Building an internal agent: Code-driven vs LLM-driven workflows
When I started this project, I knew deep in my heart that we could get an LLM plus tool-usage to solve arbitrarily complex workflows. I still believe this is possible, but I’m no longer convinced this is actually a good solution. Some problems are just vastly simpler, cheaper, and faster to solve with software. This post talks about our approach to supporting both code and LLM-driven workflows, and why we decided it was necessary.
This is part of the Building an internal agent series.
Why determinism matters
When I joined Imprint, we already had a channel where folks would share pull requests for review. It wasn’t required to add pull requests to that channel, but it was often the fastest way to get someone to review it, particularly for cross-team pull requests.
I often start my day by skimming for pull requests that need a review in that channel,
and quickly realized that often a pull request would get reviewed and merged without
someone adding the :merged: reacji onto the chat. This felt inefficient, but also
extraordinarily minor, and not the kind of thing I want to complain about.
Instead, I pondered how I could solve it without requiring additional human labor.
So, I added an LLM-powered workflow to solve this. The prompt was straightforward:
- Get the last 10 messages in the Slack channel
- For each one, if there was exactly one Github pull request URL, extract that URL
- Use the Github MCP to check the status of each of those URLs
- Add the
:merged:reacji to messages where the associated pull request was merged or closed
This worked so well! So, so well. Except, ahh, except that it sometimes decided to add :merged:
to pull requests that weren’t merged. Then no one would look at those pull requests.
So, it worked in concept–so much smart tool usage!–but in practice it actually didn’t
solve the problem I was trying to solve: erroneous additions of the reacji meant
folks couldn’t evaluate whether to look at a given pull request in the channel based on the reacji’s presence.
(As an aside, some people really don’t like the term reacji.
Don’t complain to me about it, this is what Slack calls them.)
How we implemented support for code-driven workflows
Our LLM-driven workflows are orchestrated by a software handler. That handler works something like:
- Trigger comes in, and the handler selects which configuration corresponds with the trigger
- Handler uses that configuration and trigger to pull the associated prompt, load the approved tools, and generate the available list of virtual files (e.g. files attached to a Jira issue or Slack message)
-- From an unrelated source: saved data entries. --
(* For every integer $s\geq 3$, the graph $\operatorname{KG}(2s+2,2)_{s-\operatorname{stab}}$ is not hom-idempotent, i.e., there is no homomorphism from $\operatorname{KG}(2s+2,2)_{s-\operatorname{stab}}\Box\operatorname{KG}(2s+2,2)_{s-\operatorname{stab}}$ to $\operatorname{KG}(2s+2,2)_{s-\operatorname{stab}}$.
   Context: For integers $s,k\geq 2$ and $n\geq ks$, a subset $S\subseteq[n]=\{1,\dots,n\}$ is $s$-stable if $s\leq |i-j|\leq n-s$ for all distinct $i,j\in S$. The $s$-stable Kneser graph $\operatorname{KG}(n,k)_{s-\operatorname{stab}}$ has as vertices the $s$-stable $k$-subsets of $[n]$, two vertices being adjacent iff they are disjoint. $G\Box H$ denotes the cartesian product of graphs (vertex set $V(G)\times V(H)$, $(g,h)\sim(g',h')$ iff one coordinate is equal and the other coordinates are adjacent). A homomorphism is an edge-preserving map between vertex sets. *)

From mathcomp Require Import all_boot all_order.
Set Implicit Arguments. Unset Strict Implicit. Unset Printing Implicit Defensive.

(* [n] = {1..n} is represented by 'I_n = {0..n-1} (shift by one; differences
   |i - j| are unchanged). *)

Definition absdiff (i j : nat) : nat := (i - j) + (j - i).

Definition stable (n s : nat) (S : {set 'I_n}) : bool :=
  [forall i in S, forall j in S,
     (i != j) ==> ((s <= absdiff i j) && (absdiff i j <= n - s))].

Definition stab_vertex (n k s : nat) (S : {set 'I_n}) : bool :=
  (#|S| == k) && @stable n s S.

Definition SKG_V (n k s : nat) : Type := {S : {set 'I_n} | @stab_vertex n k s S}.

Definition SKG_adj (n k s : nat) (A B : SKG_V n k s) : bool :=
  [disjoint (val A) & (val B)].

Definition box_adj (V W : eqType) (e : V -> V -> bool) (f : W -> W -> bool)
  (x y : V * W) : bool :=
  ((x.1 == y.1) && f x.2 y.2) || ((x.2 == y.2) && e x.1 y.1).

Definition is_hom (U V : Type) (eU : U -> U -> bool) (eV : V -> V -> bool)
  (phi : U -> V) : Prop :=
  forall x y, eU x y -> eV (phi x) (phi y).

From mathcomp Require Import all_boot all_order zify.

(* Every point q of the cycle Z/(2s+2) lies in exactly three vertices,
   {q, q+s}, {q, q+s+1} and {q, q+s+2}, and for s > 2 no three points are
   pairwise at distance s..s+2.  Hence a pairwise intersecting family of
   vertices has at most three members, with equality only for such a star, and
   double counting shows that every fibre {y | p \in f y} of an endomorphism f
   is a star.  For a homomorphism phi from the square, the fibre of the point 0
   along row x is a star with some centre c(x), while along the column at
   {a, a+s+d} it is {x | c(x) \in {a, a+s+d}}, again of size 3.  So the number
   N(a) of rows centred at a satisfies N(a) + N(a+s) = N(a) + N(a+s+1) = 3:
   N is constant and 2 N(0) = 3. *)

Set Implicit Arguments. Unset Strict Implicit. Unset Printing Implicit Defensive.

Lemma card_sum_indicator (T : finType) (A : {set T}) : #|A| = \sum_x (x \in A : nat).
Proof. by rewrite -sum1_card big_mkcond. Qed.

Lemma double_count (I J : finType) (R : I -> J -> bool) :
  \sum_i #|[set j | R i j]| = \sum_j #|[set i | R i j]|.
Proof.
under eq_bigr do rewrite card_sum_indicator.
rewrite exchange_big /=; apply: eq_bigr => j _.
by rewrite card_sum_indicator; apply: eq_bigr => i _; rewrite !inE.
Qed.

Lemma absdiffC i j : absdiff i j = absdiff j i.
Proof. exact: addnC. Qed.

Lemma no_stable_triangle s (a b c : nat) : 2 < s ->
  s <= absdiff a b <= s + 2 -> s <= absdiff a c <= s + 2 ->
  s <= absdiff b c <= s + 2 -> False.
Proof. rewrite /absdiff; lia. Qed.

Lemma stable_set2 n s (a b : 'I_n) : s <= absdiff a b <= n - s -> stable s [set a; b].
Proof.
move=> ab; apply/forallP => i; apply/implyP; rewrite !inE => /orP [] /eqP ->;
  apply/forallP => j; apply/implyP; rewrite !inE => /orP [] /eqP ->;
  by rewrite ?eqxx //= ?(absdiffC b) ab implybT.
Qed.

Section CyclicShift.
Variables (n : nat) (n_gt0 : 0 < n).

Definition shift (a : 'I_n) (k : nat) : 'I_n := Ordinal (ltn_pmod (a + k) n_gt0).

Lemma shiftA (a : 'I_n) i j : shift (shift a i) j = shift a (i + j).
Proof. by apply: val_inj; rewrite /= modnDml addnA. Qed.

Lemma shiftDn (a : 'I_n) k : shift a (k + n) = shift a k.
Proof. by apply: val_inj; rewrite /= addnA modnDr. Qed.

Lemma shift0 (a : 'I_n) : shift a 0 = a.
Proof. by apply: val_inj; rewrite /= addn0 modn_small. Qed.

Lemma shift_inj (a : 'I_n) i j : i < n -> j < n -> shift a i = shift a j -> i = j.
Proof.
move=> ilt jlt /(congr1 val) /= /eqP.
by rewrite eqn_modDl !modn_small // => /eqP.
Qed.

Lemma shift_val (a : 'I_n) k : k <= n ->
  shift a k = (if a + k < n then a + k else a + k - n) :> nat.
Proof.
move=> kn; have an := ltn_ord a; rewrite /=; case: ltnP => h; first exact: modn_small.
by rewrite -{1}(subnK h) modnDr modn_small //; lia.
Qed.

Lemma absdiff_shift (a : 'I_n) k : k <= n ->
  absdiff a (shift a k) = if a + k < n then k else n - k.
Proof. by move=> kn; rewrite shift_val // /absdiff; case: ltnP; lia. Qed.

Lemma shift_diff (a b : 'I_n) :
  b = shift a (if a <= b then b - a else n - (a - b)).
Proof.
have an := ltn_ord a; have bn := ltn_ord b.
set k := (if a <= b then _ else _).
have kn : k <= n by rewrite /k; case: (leqP a b); lia.
apply: val_inj; rewrite /= -[_ %% n]/(shift a k : nat) shift_val // /k.
by case: (leqP a b) => ?; case: ltnP; lia.
Qed.

End CyclicShift.

Section StableKneser.
Variable s : nat.
Hypothesis s_gt2 : 2 < s.
Local Notation n := (2 * s + 2).
Local Notation V := (SKG_V n 2 s).
Local Notation adj := (@SKG_adj n 2 s).

Lemma n_gt0 : 0 < n. Proof. lia. Qed.
Local Notation shift := (shift n_gt0).

Lemma card_vertex (y : V) : #|val y| = 2.
Proof. by case: y => S /= /andP [/eqP]. Qed.

Lemma absdiff_vertex (y : V) (i j : 'I_n) : i \in val y -> j \in val y -> i != j ->
  s <= absdiff i j <= s + 2.
Proof.
case: y => S /= /andP [_ /forallP stS] iS jS ij.
move: (stS i); rewrite iS => /forallP /(_ j); rewrite jS ij /= => /andP [? ?].
by apply/andP; split; lia.
Qed.

Lemma vertex_pair (y : V) (a b : 'I_n) : a \in val y -> b \in val y -> a != b ->
  val y = [set a; b].
Proof.
move=> ay yb ab; apply/esym/eqP; rewrite eqEcard card_vertex cards2 ab andbT.
by apply/subsetP => x; rewrite !inE => /orP [] /eqP ->.
Qed.

Lemma adjPn (y y' : V) : reflect (exists2 q, q \in val y & q \in val y') (~~ adj y y').
Proof.
rewrite /SKG_adj -setI_eq0; apply: (iffP (set0Pn _)) => [[q]|[q qy qy']].
  by rewrite inE => /andP [qy qy']; exists q.
by exists q; rewrite inE qy qy'.
Qed.

Lemma stable_chord (a : 'I_n) (d : 'I_3) : @stab_vertex n 2 s [set a; shift a (s + d)].
Proof.
have dist := absdiff_shift n_gt0 a (_ : s + d <= n).
have dist_ad : s <= absdiff a (shift a (s + d)) <= n - s.
  by have d3 := ltn_ord d; rewrite dist; [case: ltnP; lia | lia].
have ad : a != shift a (s + d).
  by apply: contraTneq dist_ad => <-; rewrite /absdiff subnn; lia.
by rewrite /stab_vertex cards2 ad stable_set2.
Qed.

Definition chord (a : 'I_n) (d : 'I_3) : V := exist (@stab_vertex n 2 s) _ (stable_chord a d).

Local Notation fiber f p := [set y : V | p \in val (f y)].
Local Notation star q := (fiber id q).

Lemma vertex_other (y : V) q : q \in val y -> exists2 b, b \in val y & q != b.
Proof.
move=> qy; have : 0 < #|val y :\ q|.
  by move: (cardsD1 q (val y)); rewrite qy card_vertex add1n => -[<-].
by case/card_gt0P => b; rewrite !inE => /andP [bq yb]; exists b; rewrite // eq_sym.
Qed.

Lemma vertex_chord (y : V) q : q \in val y -> exists d, y = chord q d.
Proof.
move=> qy; have [b yb qb] := vertex_other qy.
have qb_dist := absdiff_vertex qy yb qb.
have b_shift := shift_diff n_gt0 q b.
set k := (if q <= b then _ else _) in b_shift.
have kd : k - s < 3 by move: qb_dist; rewrite /k /absdiff; case: (leqP q b); lia.
have sk : s + (k - s) = k by move: qb_dist; rewrite /k /absdiff; case: (leqP q b); lia.
exists (Ordinal kd); apply: val_inj; rewrite (vertex_pair qy yb qb) /=.
by rewrite sk -b_shift.
Qed.

Lemma chord_inj (a : 'I_n) : injective (chord a).
Proof.
move=> d d' /(congr1 val) /= chord_eq.
have dn (e : 'I_3) : s + e < n by have := ltn_ord e; lia.
have : shift a (s + d) \in [set a; shift a (s + d')] by rewrite -chord_eq !inE eqxx orbT.
rewrite !inE => /orP [] /eqP shift_eq.
- by move: shift_eq; rewrite -{2}(shift0 n_gt0 a) => /(shift_inj (dn d) n_gt0); lia.
- exact/val_inj/addnI/(shift_inj (dn d) (dn d') shift_eq).
Qed.

Lemma card_star q : #|star q| = 3.
Proof.
have -> : star q = chord q @: setT.
  apply/setP => y; rewrite !inE; apply/idP/imsetP => [/vertex_chord [d ->]|[d _ ->]].
    by exists d.
  by rewrite !inE eqxx.
by rewrite card_imset ?cardsT ?card_ord //; apply: chord_inj.
Qed.

Definition intersecting (T : {set V}) := {in T &, forall y y', y != y' -> ~~ adj y y'}.

Lemma intersecting_sub_star (T : {set V}) :
  intersecting T -> 1 < #|T| -> exists q, T \subset star q.
Proof.
move=> T_int /card_gt1P [y1 [y2 [y1T y2T y12]]].
have [q qy1 qy2] := adjPn _ _ (T_int _ _ y1T y2T y12).
exists q; apply/subsetP => y yT; rewrite inE; apply: contraT => qy.
have y1y : y != y1 by apply: contraNneq qy => ->.
have y2y : y != y2 by apply: contraNneq qy => ->.
have [c cy cy1] := adjPn _ _ (T_int _ _ yT y1T y1y).
have [d dy dy2] := adjPn _ _ (T_int _ _ yT y2T y2y).
have qc : q != c by apply: contraNneq qy => ->.
have qd : q != d by apply: contraNneq qy => ->.
have cd : c != d.
  apply: contraNneq y12 => ed; apply/eqP/val_inj.
  by rewrite (vertex_pair qy1 cy1 qc) (vertex_pair qy2 _ qc) // ed.
by case: (no_stable_triangle s_gt2 (absdiff_vertex qy1 cy1 qc)
          (absdiff_vertex qy2 dy2 qd) (absdiff_vertex cy dy cd)).
Qed.

Lemma intersecting_card_le3 (T : {set V}) : intersecting T -> #|T| <= 3.
Proof.
move=> T_int; case: (leqP #|T| 1) => [|/(intersecting_sub_star T_int) [q sub]]; first lia.
by rewrite -(card_star q) subset_leq_card.
Qed.

Lemma intersecting_card3 (T : {set V}) :
  intersecting T -> #|T| = 3 -> exists q, T = star q.
Proof.
move=> T_int T3; have [|q sub] := intersecting_sub_star T_int; first by rewrite T3.
by exists q; apply/eqP; rewrite eqEcard sub card_star T3.
Qed.

Lemma intersecting_fiber (f : V -> V) p : is_hom adj adj f -> intersecting (fiber f p).
Proof.
move=> f_hom y y'; rewrite !inE => py py' _.
by apply: contra (f_hom y y') _; apply/adjPn; exists p.
Qed.

Lemma sum_card_fiber (f : V -> V) : \sum_p #|fiber f p| = #|{: V}| * 2.
Proof.
rewrite (double_count (fun p y => p \in val (f y))) -sum_nat_const.
by apply: eq_bigr => y _; rewrite -[RHS](card_vertex (f y)); apply: eq_card => p; rewrite inE.
Qed.

Lemma hom_fiber_star (f : V -> V) : is_hom adj adj f -> forall p, exists q, fiber f p = star q.
Proof.
move=> f_hom p; apply: intersecting_card3; first exact: intersecting_fiber.
have le3 r : #|fiber f r| <= 3 ?= iff (#|fiber f r| == 3).
  exact/leqif_eq/intersecting_card_le3/intersecting_fiber.
have [_] := @leqif_sum _ predT _ _ (fun=> 3) (fun r _ => le3 r).
rewrite [X in X == _]sum_card_fiber -(sum_card_fiber id).
under [X in _ == X]eq_bigr => i _ do rewrite -(card_star i).
by rewrite eqxx => /esym/forall_inP/(_ p isT)/eqP.
Qed.

Section BoxHom.
Variable phi : V * V -> V.
Hypothesis phi_hom : is_hom (box_adj adj adj) adj phi.

Lemma row_hom x : is_hom adj adj (fun y => phi (x, y)).
Proof. by move=> y y' yy'; apply: phi_hom; rewrite /box_adj /= eqxx yy'. Qed.

Lemma col_hom y : is_hom adj adj (fun x => phi (x, y)).
Proof. by move=> x x' xx'; apply: phi_hom; rewrite /box_adj /= eqxx xx' orbT. Qed.

Let p0 : 'I_n := Ordinal n_gt0.

Lemma row_fiber_star x : exists q, fiber (fun y => phi (x, y)) p0 == star q.
Proof. by have [q ->] := hom_fiber_star (row_hom x) p0; exists q. Qed.

Let center x := xchoose (row_fiber_star x).

Let load a := #|[set x | center x == a]|.

Lemma load_chord a (d : 'I_3) : load a + load (shift a (s + d)) = 3.
Proof.
have [q col_star] := hom_fiber_star (col_hom (chord a d)) p0.
have a_ne : a != shift a (s + d).
  by apply/eqP => ea; move: (card_vertex (chord a d)); rewrite /= -ea setUid cards1.
rewrite -[RHS](card_star q) -col_star -cardsUI.
have -> : [set x | center x == a] :&: [set x | center x == shift a (s + d)] = set0.
  by apply/setP => x; rewrite !inE; apply: contraNF a_ne => /andP [/eqP <- /eqP <-].
rewrite cards0 addn0; apply: eq_card => x; rewrite !inE.
have /eqP/setP/(_ (chord a d)) := xchooseP (row_fiber_star x).
by rewrite !inE.
Qed.

Lemma load_shift1 b : load (shift b 1) = load b.
Proof.
have := load_chord (shift b (s + 2)) ord0.
have := load_chord (shift b (s + 2)) (@Ordinal 3 1 isT).
rewrite /= !shiftA.
have -> : s + 2 + (s + 1) = 1 + n by lia.
have -> : s + 2 + (s + 0) = 0 + n by lia.
rewrite !shiftDn shift0; lia.
Qed.

Lemma load_const a : load a = load p0.
Proof.
have -> : a = shift p0 a by apply: val_inj; rewrite /= add0n modn_small.
elim: (nat_of_ord a) => [|j IH]; first by rewrite shift0.
by rewrite -[j.+1]addn1 -shiftA load_shift1.
Qed.

Lemma box_square_hom_False : False.
Proof.
have := load_chord p0 ord0; rewrite (load_const (shift _ _)); lia.
Qed.

End BoxHom.

End StableKneser.

Theorem mainTheorem5 (s : nat) : 3 <= s ->
  ~ exists phi : SKG_V (2 * s + 2) 2 s * SKG_V (2 * s + 2) 2 s ->
                 SKG_V (2 * s + 2) 2 s,
      is_hom (box_adj (@SKG_adj (2 * s + 2) 2 s) (@SKG_adj (2 * s + 2) 2 s))
             (@SKG_adj (2 * s + 2) 2 s) phi.
Proof. by move=> s_gt2 [phi phi_hom]; apply: (box_square_hom_False s_gt2 phi_hom). Qed.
- Handler sends the prompt and available tools to an LLM, then coordinates tool calls based on the LLM’s response, including e.g. making virtual files available to tools. The handler also has termination conditions where it prevents excessive tool usage, and so on
- Eventually the LLM will stop recommending tools, and the final response from the LLM will be used or discarded depending on the configuration (e.g. configuration can determine whether the final response is sent to Slack)
We updated our configuration to allow running in one of two configurations:
# this is default behavior if omitted
coordinator: llm
# this is code-driven workflow
coordinator: script
coordinator_script: scripts/pr_merged.py
When the coordinator is set to script, then instead of using the handler to determine which tools are called,
custom Python is used. That Python code has access to the same tools, trigger data, and virtual files
as the LLM-handling code. It can use the subagent tool to invoke an LLM where useful
(and that subagent can have full access to tools as well), but LLM control only occurs when explicitly desired.
This means that these scripts–which are being written and checked in by our software engineers, going through code review and so on–have the same permission and capabilities as the LLM, although given it’s just code, any given commit could also introduce a new dependency, etc.
How’s it working? / Next steps?
Altogether, this has worked very well for complex workflows. I would describe it as a “solution of frequent resort”, where we use code-driven workflows as a progressive enhancement for workflows where LLM prompts and tools aren’t reliable or quick enough. We still start all workflows using the LLM, which works for many cases. When we do rewrite, Claude Code can almost always rewrite the prompt into the code workflow in one-shot.
Even as models get more powerful, relying on them narrowly in cases where we truly need intelligence, rather than for iterative workflows, seems like a long-term addition to our toolkit.